Die Galaxie M106, wie sie vom JWST gesehen und zur Überprüfung der Hubble-Messungen verwendet wurde (Bildnachweis: ESA/Webb, NASA & CSA, J. Glenn)
Dadurch konnten sie nicht nur die bisher präzisesten lokalen Messungen der Hubble-Konstante durchführen, sondern auch unabhängig überprüfen, ob Hubbles Entfernungsmessungen korrekt waren.
Die vom JWST beobachteten Galaxien ergaben eine Hubble-Konstante von etwa 162.400 mph pro Mpc (72,6 km/s/Mpc), was nahezu identisch mit dem von Hubble für dieselben Galaxien ermittelten Wert von 162849 mph pro Mpc (72,8 km/s/Mpc) ist.
Damit wird die Möglichkeit ausgeschlossen, dass die Hubble-Spannung nur ein Artefakt ist, das durch eine erhebliche Verzerrung der Messungen des altgedienten Weltraumteleskops entsteht.
„Die JWST-Daten sind so, als würde man das Universum zum ersten Mal in hoher Auflösung betrachten, und sie verbessern das Signal-Rausch-Verhältnis der Messungen erheblich“, sagte Siyang Li, Mitglied des Teams und Doktorand an der Johns Hopkins University.
Das bedeutet natürlich, dass es immer noch ein Problem mit der Hubble-Spannung gibt, das gelöst werden muss.
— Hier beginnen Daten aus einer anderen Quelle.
Definition is_bform (F : bform) : Prop :=
  (forall b x y, F b (vadd x y) = Cadd (F b x) (F b y)) /\
  (forall b c x, F b (vscal c x) = Cmul c (F b x)) /\
  (forall b1 b2 x, F (vadd b1 b2) x = Cadd (F b1 x) (F b2 x)) /\
  (forall c b x, F (vscal c b) x = Cmul c (F b x)) /\
  (exists K, 0 <= K /\ bform_le F K).

Definition bform_add (F G : bform) : bform := fun b x => Cadd (F b x) (G b x).
Definition bform_scal (c : C) (F : bform) : bform := fun b x => Cmul c (F b x).
Definition bform_lact (a : A) (F : bform) : bform := fun b x => F b (ract x a).
Definition bform_ract (F : bform) (a : A) : bform :=
  fun b x => Cadd (F (amul a b) x) (Copp (F a (lact b x))).

Lemma is_bform_zero : is_bform (fun _ _ => C0).
Proof.
  repeat split; intros; try ring.
  exists 0; split; [lra|]; intros b x; rewrite Cnorm_C0; lra.
Qed.

Lemma is_bform_add (F G : bform) : is_bform F -> is_bform G -> is_bform (bform_add F G).
Proof.
  intros (F1 & F2 & F3 & F4 & K1 & HK1 & B1) (G1 & G2 & G3 & G4 & K2 & HK2 & B2).
  unfold bform_add; repeat split; intros.
  - rewrite F1, G1; ring.
  - rewrite F2, G2; ring.
  - rewrite F3, G3; ring.
  - rewrite F4, G4; ring.
  - exists (K1 + K2); split; [lra|]; intros b x.
    eapply Rle_trans; [apply Cnorm_triangle|].
    specialize (B1 b x); specialize (B2 b x); lra.
Qed.

Lemma is_bform_scal (c : C) (F : bform) : is_bform F -> is_bform (bform_scal c F).
Proof.
  intros (F1 & F2 & F3 & F4 & K & HK & B); pose proof (Cnorm_ge0 c).
  unfold bform_scal; repeat split; intros.
  - rewrite F1; ring.
  - rewrite F2; ring.
  - rewrite F3; ring.
  - rewrite F4; ring.
  - exists (Cnorm c * K); split; [nra|]; intros b x.
    rewrite Cnorm_mul, !Rmult_assoc; apply Rmult_le_compat_l; [lra|].
    rewrite <- !Rmult_assoc; apply B.
Qed.

Section ActionBounds.
Variable KX : R.
Hypothesis KX_bound : bimod_le X KX.

Lemma bform_ract_le (F : bform) (K : R) (a : A) :
  0 <= K -> bform_le F K -> bform_le (bform_ract F a) (K * ((1 + KX) * vnorm a)).
Proof.
  intros HK B b x; unfold bform_ract.
  eapply Rle_trans; [apply Cnorm_sub_le|].
  pose proof (B (amul a b) x) as B1; pose proof (B a (lact b x)) as B2.
  pose proof (amul_norm A a b); pose proof (proj1 (KX_bound b x)).
  pose proof (vnorm_ge0 _ a); pose proof (vnorm_ge0 _ b); pose proof (vnorm_ge0 _ x).
  pose proof (vnorm_ge0 _ (amul a b)); pose proof (vnorm_ge0 _ (lact b x)).
  assert (K * vnorm (amul a b) * vnorm x <= K * (vnorm a * vnorm b) * vnorm x).
  { apply Rmult_le_compat_r; auto; apply Rmult_le_compat_l; auto. }
  assert (K * vnorm a * vnorm (lact b x) <= K * vnorm a * (KX * vnorm b * vnorm x)).
  { apply Rmult_le_compat_l; auto; apply Rmult_le_pos; auto. }
  nra.
Qed.

Lemma bform_lact_le (F : bform) (K : R) (a : A) :
  0 <= K -> bform_le F K -> bform_le (bform_lact a F) (K * ((1 + KX) * vnorm a)).
Proof.
  intros HK B b x; unfold bform_lact.
  eapply Rle_trans; [apply B|].
  pose proof (proj2 (KX_bound a x)).
  pose proof (vnorm_ge0 _ a); pose proof (vnorm_ge0 _ b); pose proof (vnorm_ge0 _ x).
  pose proof (vnorm_ge0 _ (ract x a)).
  assert (K * vnorm b * vnorm (ract x a) <= K * vnorm b * (KX * vnorm x * vnorm a)).
  { apply Rmult_le_compat_l; auto; apply Rmult_le_pos; auto. }
  assert (0 <= K * vnorm b * vnorm x * vnorm a) by (repeat apply Rmult_le_pos; auto).
  nra.
Qed.

End ActionBounds.

Lemma is_bform_ract (F : bform) (a : A) : is_bform F -> is_bform (bform_ract F a).
Proof.
  intros (F1 & F2 & F3 & F4 & K & HK & B); unfold bform_ract; repeat split; intros.
  - rewrite lact_addr, !F1; ring.
  - rewrite lact_scalr, !F2; ring.
  - rewrite amul_addr, lact_addl, !F3, !F1; ring.
  - rewrite amul_scalr, lact_scall, !F4, !F2; ring.
  - destruct (bimod_le_exists A X) as (KX & HKX & HX); pose proof (vnorm_ge0 _ a).
    exists (K * ((1 + KX) * vnorm a)); split; [apply Rmult_le_pos; [|apply Rmult_le_pos]; lra|].
    apply (bform_ract_le KX HX); auto.
Qed.

Lemma is_bform_lact (a : A) (F : bform) : is_bform F -> is_bform (bform_lact a F).
Proof.
  intros (F1 & F2 & F3 & F4 & K & HK & B); unfold bform_lact; repeat split; intros.
  - rewrite ract_addl, !F1; ring.
  - rewrite ract_scall, !F2; ring.
  - rewrite !F3; ring.
  - rewrite !F4; ring.
  - destruct (bimod_le_exists A X) as (KX & HKX & HX); pose proof (vnorm_ge0 _ a).
    exists (K * ((1 + KX) * vnorm a)); split; [apply Rmult_le_pos; [|apply Rmult_le_pos]; lra|].
    apply (bform_lact_le KX HX); auto.
Qed.

Definition BForm := {F : bform | is_bform F}.

Definition bf_zero : BForm := exist _ _ is_bform_zero.
Definition bf_add (F G : BForm) : BForm := exist _ _ (is_bform_add _ _ (proj2_sig F) (proj2_sig G)).
Definition bf_scal (c : C) (F : BForm) : BForm := exist _ _ (is_bform_scal c _ (proj2_sig F)).
Definition bf_lact (a : A) (F : BForm) : BForm := exist _ _ (is_bform_lact a _ (proj2_sig F)).
Definition bf_ract (F : BForm) (a : A) : BForm := exist _ _ (is_bform_ract _ a (proj2_sig F)).

Lemma bf_ext (F G : BForm) : (forall b x, proj1_sig F b x = proj1_sig G b x) -> F = G.
Proof.
  destruct F as [f Hf], G as [g Hg]; simpl; intros H.
  assert (f = g) by (do 2 (apply functional_extensionality; intro); auto).
  subst; f_equal; apply proof_irrelevance.
Qed.

Lemma bf_le_exists (F : BForm) : exists K, 0 <= K /\ bform_le (proj1_sig F) K.
Proof. exact (proj2 (proj2 (proj2 (proj2 (proj2_sig F))))). Qed.

Definition bdual_le (w : BForm -> C) (M : R) : Prop :=
  forall F K, 0 <= K -> bform_le (proj1_sig F) K -> Cnorm (w F) <= M * K.

Definition is_bdual (w : BForm -> C) : Prop :=
  (forall F G, w (bf_add F G) = Cadd (w F) (w G)) /\
  (forall c F, w (bf_scal c F) = Cmul c (w F)) /\
  (exists M, 0 <= M /\ bdual_le w M).

Definition Bidual := {w : BForm -> C | is_bdual w}.

Lemma bd_ext (v w : Bidual) : (forall F, proj1_sig v F = proj1_sig w F) -> v = w.
Proof.
  destruct v as [v Hv], w as [w Hw]; simpl; intros H.
  assert (v = w) by (apply functional_extensionality; auto).
  subst; f_equal; apply proof_irrelevance.
Qed.

Lemma bd_add_apply (w : Bidual) (F G : BForm) :
  proj1_sig w (bf_add F G) = Cadd (proj1_sig w F) (proj1_sig w G).
Proof. exact (proj1 (proj2_sig w) F G). Qed.

Lemma bd_scal_apply (w : Bidual) (c : C) (F : BForm) :
  proj1_sig w (bf_scal c F) = Cmul c (proj1_sig w F).
Proof. exact (proj1 (proj2 (proj2_sig w)) c F). Qed.

Lemma bd_zero_apply (w : Bidual) : proj1_sig w bf_zero = C0.
Proof.
  replace bf_zero with (bf_scal C0 bf_zero) by (apply bf_ext; intros; simpl; unfold bform_scal; ring).
  rewrite bd_scal_apply; ring.
Qed.

Lemma is_bdual_zero : is_bdual (fun _ => C0).
Proof.
  repeat split; intros; try ring.
  exists 0; split; [lra|]; intros F K _ _; rewrite Cnorm_C0; lra.
Qed.

Lemma is_bdual_add (v w : BForm -> C) :
  is_bdual v -> is_bdual w -> is_bdual (fun F => Cadd (v F) (w F)).
Proof.
  intros (V1 & V2 & M1 & HM1 & B1) (W1 & W2 & M2 & HM2 & B2); repeat split; intros.
  - rewrite V1, W1; ring.
  - rewrite V2, W2; ring.
  - exists (M1 + M2); split; [lra|]; intros F K HK HF.
    eapply Rle_trans; [apply Cnorm_triangle|].
    specialize (B1 F K HK HF); specialize (B2 F K HK HF); lra.
Qed.

Lemma is_bdual_scal (c : C) (w : BForm -> C) : is_bdual w -> is_bdual (fun F => Cmul c (w F)).
Proof.
  intros (W1 & W2 & M & HM & B); pose proof (Cnorm_ge0 c); repeat split; intros.
  - rewrite W1; ring.
  - rewrite W2; ring.
  - exists (Cnorm c * M); split; [nra|]; intros F K HK HF.
    rewrite Cnorm_mul, Rmult_assoc; apply Rmult_le_compat_l; auto.
Qed.

Lemma is_bdual_opp (w : BForm -> C) : is_bdual w -> is_bdual (fun F => Copp (w F)).
Proof.
  intros Hw; replace (fun F => Copp (w F)) with (fun F => Cmul (Copp C1) (w F)).
  - apply is_bdual_scal, Hw.
  - apply functional_extensionality; intros; ring.
Qed.

Definition bd_zero : Bidual := exist _ _ is_bdual_zero.
Definition bd_add (v w : Bidual) : Bidual := exist _ _ (is_bdual_add _ _ (proj2_sig v) (proj2_sig w)).
Definition bd_opp (w : Bidual) : Bidual := exist _ _ (is_bdual_opp _ (proj2_sig w)).
Definition bd_scal (c : C) (w : Bidual) : Bidual := exist _ _ (is_bdual_scal c _ (proj2_sig w)).

(* Stdlib only provides suprema: the norm, the least admissible bound, is minus the
   supremum of the negated bounds. *)
Definition neg_bounds (w : Bidual) (y : R) : Prop := 0 <= - y /\ bdual_le (proj1_sig w) (- y).

Lemma neg_bounds_bound (w : Bidual) : bound (neg_bounds w).
Proof. exists 0; intros y [H _]; lra. Qed.

Lemma neg_bounds_inhabited (w : Bidual) : exists y, neg_bounds w y.
Proof.
  destruct (proj2 (proj2 (proj2_sig w))) as (M & HM & B).
  exists (- M); unfold neg_bounds; rewrite Ropp_involutive; auto.
Qed.

Definition bd_norm (w : Bidual) : R :=
  - proj1_sig (completeness _ (neg_bounds_bound w) (neg_bounds_inhabited w)).

Lemma bd_norm_ge0 (w : Bidual) : 0 <= bd_norm w.
Proof.
  unfold bd_norm; destruct completeness as [m [Hub Hlub]]; simpl.
  assert (m <= 0) by (apply Hlub; intros y [H _]; lra); lra.
Qed.

Lemma bd_norm_le (w : Bidual) (M : R) : 0 <= M -> bdual_le (proj1_sig w) M -> bd_norm w <= M.
Proof.
  intros HM B; unfold bd_norm; destruct completeness as [m [Hub Hlub]]; simpl.
  assert (- M <= m) by (apply Hub; unfold neg_bounds; rewrite Ropp_involutive; auto); lra.
Qed.
(* Let $R$ be a commutative ring different from the zero ring, $\Gamma$ an EI-category with endofunctor $\phi$, $C$ and $D$ finite free $R\Gamma$-chain complexes, and $v\colon C\to D$ and $f\colon D\to C\circ\phi$ $R\Gamma$-chain maps. Then $u(f\circ v)+s(\chi(D))=u((v\circ\phi)\circ f)+s(\chi(C))$ in $U(R,\Gamma,\phi)$.
   Context: EI-category: small category in which every endomorphism is an isomorphism. $R\Gamma$-modules are contravariant functors $\Gamma\to R$-modules; finitely generated free ones are isomorphic to finite sums of $R\Gamma(?,x)=R[\mathrm{Mor}_\Gamma(?,x)]$. $U(R,\Gamma,\phi)$ is $K_0$ of the exact category whose objects are natural transformations $g\colon M\to M\circ\phi$ with $M$ finitely generated free and morphisms $\tau\colon M\to M'$ with $g'\tau=(\tau\circ\phi)g$; for a chain map $g\colon C\to C\circ\phi$, $u(g)=\sum_n(-1)^n[g_n]$. $U(\Gamma)=\bigoplus_{\mathrm{Is}\,\Gamma}\mathbb{Z}$ (isomorphism classes of objects); the rank of $\bigoplus_i R\Gamma(?,x_i)$ is the element counting the $x_i$ in each isomorphism class, and $\chi(C)=\sum_n(-1)^n\mathrm{rk}(C_n)\in U(\Gamma)$. The homomorphism $s\colon U(\Gamma)\to U(R,\Gamma,\phi)$ sends the basis element of $\bar x$ to the class of the zero map $R\Gamma(?,x)\to R\Gamma(?,x)\circ\phi$. *)

From HB Require Import structures.
From mathcomp Require Import all_boot all_algebra.
From mathcomp Require Import finmap.
From mathcomp Require Import boolp.
From mathcomp Require Import monalg.
Unset Strict Implicit. Unset Printing Implicit Defensive.
Import GRing.Theory.
Local Open Scope ring_scope.
Local Open Scope fset_scope.

Set Implicit Arguments.
Section Remap.
Variables (R : comNzRingType) (K K' : choiceType) (F : K -> K').
Definition remap (a : {malg R[K]}) : {malg R[K']} :=
  \sum_(k <- msupp a) << a@_k *g F k >>.
Lemma remapEw (d : {fset K}) a : msupp a `<=` d ->
  remap a = \sum_(k <- d) << a@_k *g F k >>.
Proof.
move=> le; rewrite /remap; apply: big_fset_incl => // k _ kn.
by rewrite mcoeff_outdom // monalgU0.
Qed.
Lemma remap_linear : linear remap.
Proof.
move=> c a b.
set d := msupp a `|` msupp b `|` msupp (c *: a + b).
have sa : msupp a `<=` d by apply/fsubsetP=> k ka; rewrite !inE ka.
have sb : msupp b `<=` d by apply/fsubsetP=> k kb; rewrite !inE kb orbT.
have sab : msupp (c *: a + b) `<=` d by apply/fsubsetP=> k kb; rewrite !inE kb !orbT.
rewrite (remapEw sab) (remapEw sa) (remapEw sb).
rewrite scaler_sumr -big_split /=; apply: eq_bigr => k _.
rewrite mcoeffD mcoeffZ monalgUD; congr (_ + _)%R.
by apply/malgP => k'; rewrite mcoeffZ !mcoeffU mulrnAr.
Qed.
HB.instance Definition _ :=
  GRing.isLinear.Build R {malg R[K]} {malg R[K']} _ remap remap_linear.
Lemma remapU x k : remap << x *g k >> = << x *g F k >>.
Proof. by rewrite (remapEw msuppU_le) big_seq_fset1 mcoeffUU. Qed.
End Remap.

Lemma remap_id (R : comNzRingType) (K : choiceType) (a : {malg R[K]}) :
  remap id a = a.
Proof. by rewrite /remap -monalgE. Qed.

Lemma remap_comp (R : comNzRingType) (K1 K2 K3 : choiceType)
  (F : K1 -> K2) (H : K2 -> K3) (a : {malg R[K1]}) :
  remap (H \o F) a = remap H (remap F a).
Proof.
have -> : remap F a = \sum_(k <- msupp a) << a@_k *g F k >> by [].
rewrite raddf_sum /=; apply: eq_bigr => k _; by rewrite remapU.
Qed.

Unset Implicit Arguments.
Local Close Scope fset_scope.

Record EICategory := {
  Ob : Type;
  Hom : Ob -> Ob -> Type;
  idm : forall x, Hom x x;
  comp : forall x y z, Hom y z -> Hom x y -> Hom x z;
  comp1m : forall x y (f : Hom x y), comp x y y (idm y) f = f;
  compm1 : forall x y (f : Hom x y), comp x x y f (idm x) = f;
  compA : forall w x y z (f : Hom y z) (g : Hom x y) (k : Hom w x),
      comp w x z (comp x y z f g) k = comp w y z f (comp w x y g k);
  endo_iso : forall x (f : Hom x x),
      exists g : Hom x x, comp x x x g f = idm x /\ comp x x x f g = idm x
}.
Arguments Hom {G} : rename.
Arguments idm {G} x : rename.
Arguments comp {G x y z} : rename.

Record endofunctor (G : EICategory) := {
  fobj : Ob G -> Ob G;
  fmap : forall x y : Ob G, Hom x y -> Hom (fobj x) (fobj y);
  fmap_id : forall x, fmap x x (idm x) = idm (fobj x);
  fmap_comp : forall x y z (f : Hom y z) (g : Hom x y),
      fmap x z (comp f g) = comp (fmap y z f) (fmap x y g)
}.
Arguments fobj {G} p x : rename.
Arguments fmap {G} p {x y} f : rename.

Record RGmod (R : comNzRingType) (G : EICategory) := {
  mobj : Ob G -> lmodType R;
  mmap : forall x y : Ob G, Hom x y -> mobj y -> mobj x;
  mmap_linear : forall x y (f : Hom x y), linear (mmap x y f);
  mmap_id : forall x (m : mobj x), mmap x x (idm x) m = m;
  mmap_comp : forall x y z (f : Hom y z) (g : Hom x y) (m : mobj z),
      mmap x z (comp f g) m = mmap x y g (mmap y z f m)
}.
Arguments mobj {R G} M x : rename.
Arguments mmap {R G} M {x y} f m : rename.

Section Modules.
Variables (R : comNzRingType) (G : EICategory).

Definition precomp (M : RGmod R G) (phi : endofunctor G) : RGmod R G.
Proof.
refine {| mobj := fun c => mobj M (fobj phi c);
          mmap := fun x y f => mmap M (fmap phi f) |}.
- by move=> x y f; apply: mmap_linear.
- by move=> x m /=; rewrite fmap_id mmap_id.
- by move=> x y z f g m /=; rewrite fmap_comp mmap_comp.
Defined.

Definition ntfam (M N : RGmod R G) := forall x : Ob G, mobj M x -> mobj N x.

Definition is_nat {M N : RGmod R G} (t : ntfam M N) :=
  (forall x, linear (t x)) /\
  (forall x y (f : Hom x y) (m : mobj M y), t x (mmap M f m) = mmap N f (t y m)).

Definition homT (c x : Ob G) : Type := Hom c x.
HB.instance Definition _ c x := gen_eqMixin (homT c x).
HB.instance Definition _ c x := gen_choiceMixin (homT c x).

Definition RGrep (x : Ob G) : RGmod R G.
Proof.
refine {| mobj := fun c => GRing.Lmodule.clone R {malg R[homT c x]} _;
          mmap := fun c d (a : Hom c d) =>
            remap (fun k : homT d x => (comp k a : homT c x)) |}.
- by move=> c d a; apply: remap_linear.
- move=> c m /=; rewrite -[RHS]remap_id /remap; apply: eq_bigr => k _.
  by rewrite compm1.
- move=> c d e a b m /=; rewrite -remap_comp /remap; apply: eq_bigr => k _.
  by rewrite -compA.
Defined.

Definition basis_sum (M : RGmod R G) {n : nat} (xs : 'I_n -> Ob G)
    (b : forall i, mobj M (xs i)) (c : Ob G)
    (a : forall i : 'I_n, {malg R[homT c (xs i)]}) : mobj M c :=
  \sum_(i < n) \sum_(k <- msupp (a i)) (a i)@_k *: mmap M (k : Hom c (xs i)) (b i).

Definition is_basis (M : RGmod R G) {n : nat} (xs : 'I_n -> Ob G)
    (b : forall i, mobj M (xs i)) :=
  forall c : Ob G, bijective (basis_sum M xs b c).

Definition fg_free (M : RGmod R G) :=
  exists (n : nat) (xs : 'I_n -> Ob G) (b : forall i, mobj M (xs i)),
    is_basis M xs b.

(* The exact category defining U(R, Gamma, phi):                       *)
(*  exact sequences: objectwise short exact sequences.                 *)
Variable phi : endofunctor G.

Definition is_Uobj {M : RGmod R G} (g : ntfam M (precomp M phi)) :=
  fg_free M /\ is_nat g.

Definition is_Umor {M M' : RGmod R G} (g : ntfam M (precomp M phi))
    (g' : ntfam M' (precomp M' phi)) (t : ntfam M M') :=
  is_nat t /\ (forall x (m : mobj M x), g' x (t x m) = t (fobj phi x) (g x m)).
Da die Expansion des Universums auf sehr großen Skalen abläuft
Der Johns Hopkins Kosmologe Marc Kamionkowski, der nicht an dieser Studie beteiligt war, glaubt, dass die Lösung der Hubble-Spannung ein neues Element in unseren Modellen des Universums erfordert. Er hat eine Idee, was dieses Element sein könnte.
„Eine mögliche Erklärung für die Hubble-Spannung wäre, dass in unserem Verständnis des frühen Universums etwas fehlt, z. B. eine neue Materiekomponente – die frühe dunkle Energie -, die dem Universum nach dem Urknall einen unerwarteten Kick gegeben hat“, so Kamionkowski in der Erklärung. „Und es gibt noch andere Ideen, wie zum Beispiel seltsame Eigenschaften der dunklen Materie, exotische Teilchen, sich verändernde Elektronenmassen oder primordiale Magnetfelder, die den Trick ausmachen könnten. „Die Theoretiker haben die Lizenz, ziemlich kreativ zu werden.“
Die Forschungsergebnisse des Teams wurden am Montag (9. Dezember) im Astrophysical Journal veröffentlicht.